Greencoat debuts in US with 861MW wind deal

The deal, alongside BAE and Willis Towers Watson pension schemes, is the result of 18 months preparatory work, according to Greencoat’s Laurence Fumagalli.

London-based renewables manager Greencoat Capital has made its entry into the US market after taking a 24 percent stake in an 861MW wind portfolio.

Greencoat agreed the deal on a separate account basis on behalf of the BAE Systems Pension Fund and Towers Watson Investment Services, through Greencoat Velas, a vehicle established solely for investing in the four-strong portfolio, sold by utility RWE. The investment is “unlevered and is expected to total approximately $160 million”, Greencoat said in a statement.

RWE, which also holds a 24 percent stake, will continue to operate the four onshore windfarms – Stella, Cranell, East and West Raymond – which are all located in coastal South Texas.
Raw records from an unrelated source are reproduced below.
(* Let $A$ (the source) and $B$ (the target) be finite metric graphs, and let $L(A)$ and $L(B)$ denote their perimeters (the sums of all edge lengths). Let $\alpha>0$ and let $m:\alpha A\to B$ be an isometric covering, where $\alpha A$ denotes $A$ with every edge length multiplied by $\alpha$. Let $\mathcal{D}_m$ be the set of edges of $B$ that are doubly covered by $m$, meaning that every point of the edge has at least two preimages under $m$. Then $$\alpha \;\ge\; \frac{L(B)+\sum_{e\in\mathcal{D}_m}\ell(e)}{L(A)},$$ where $\ell(e)$ is the length of $e$. In particular, the optimal scale factor $\mathrm{OPT}$ satisfies this inequality, with $\mathcal{D}_m$ taken for an isometric covering achieving $\mathrm{OPT}$.
   Context: A metric graph is a graph with a positive length assigned to each edge. It is viewed as a metric space: each edge is a segment of its length, glued at the vertices. An isometric covering of a metric space $Y$ by a metric space $X$ is a surjective map $m:X\to Y$ such that, for every path $p$ in $X$, the arc length of $p$ in $X$ equals the arc length of the curve $m(p)$ in $B$, counted with multiplicity. The optimal scale factor $\mathrm{OPT}$ for source $A$ and target $B$ is the minimum $\alpha$ such that $\alpha A$ has an isometric covering onto $B$. *)

From HB Require Import structures.
From mathcomp Require Import all_boot all_order all_algebra.
From mathcomp Require Import all_classical all_reals ereal.
Set Implicit Arguments. Unset Strict Implicit. Unset Printing Implicit Defensive.
Import Order.TTheory GRing.Theory Num.Theory.
Local Open Scope ring_scope.

Record mgraph (R : realType) := MGraph {
  gV : finType;
  gE : finType;
  src : gE -> gV;
  tgt : gE -> gV;
  len : gE -> R;
  len_pos : forall e, 0 < len e }.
The utility sold the other 51 percent to Algonquin Power & Utilities in December.

“We’ve been looking at an expansion into the US for about 18 months and we first knew about this deal in February last year,” Laurence Fumagalli, partner at Greencoat Capital, told Infrastructure Investor. “It’s a natural, one onion skin away from what we’re currently doing.”

Greencoat has worked with the BAE and Towers Watson schemes on both deals and funds in the past and Fumagalli said the SMA deal will likely be followed by a dedicated fund.

“A fund is probably a natural evolution of our US business. I think people generally start with SMAs,” he said. “That’s a probable direction of our US business. We’ve got limited boots on the ground and we’re looking to expand that as we grow.”

Greencoat’s Dublin-listed European fund, Greencoat Renewables, last year made its first foray into the French renewables market, although Fumagalli said the main difference between the US and European markets is the power purchase agreement and tax equity structure.

“All windfarms in the US are essentially merchant, there’s no direct subsidy,” he said, adding that all four sites are backed by 10-year PPAs. “The US has a much deeper and more developed utility and corporate PPA market than Europe. It’s had to because it’s never had a fixed government tariff.”

With Greencoat’s focus on operational projects, Fumagalli does not see a direct consequence for its US-based business from November’s presidential election but believes the outcome will have some positive effects for the industry.

“With [president-elect Joe] Biden and his $2 trillion stimulus, it’s clearly good for renewables, one can expect more to get built rather than fewer as a result. It just underscores the depth of the market and the timeliness of our expansion into the market,” explained Fumagalli.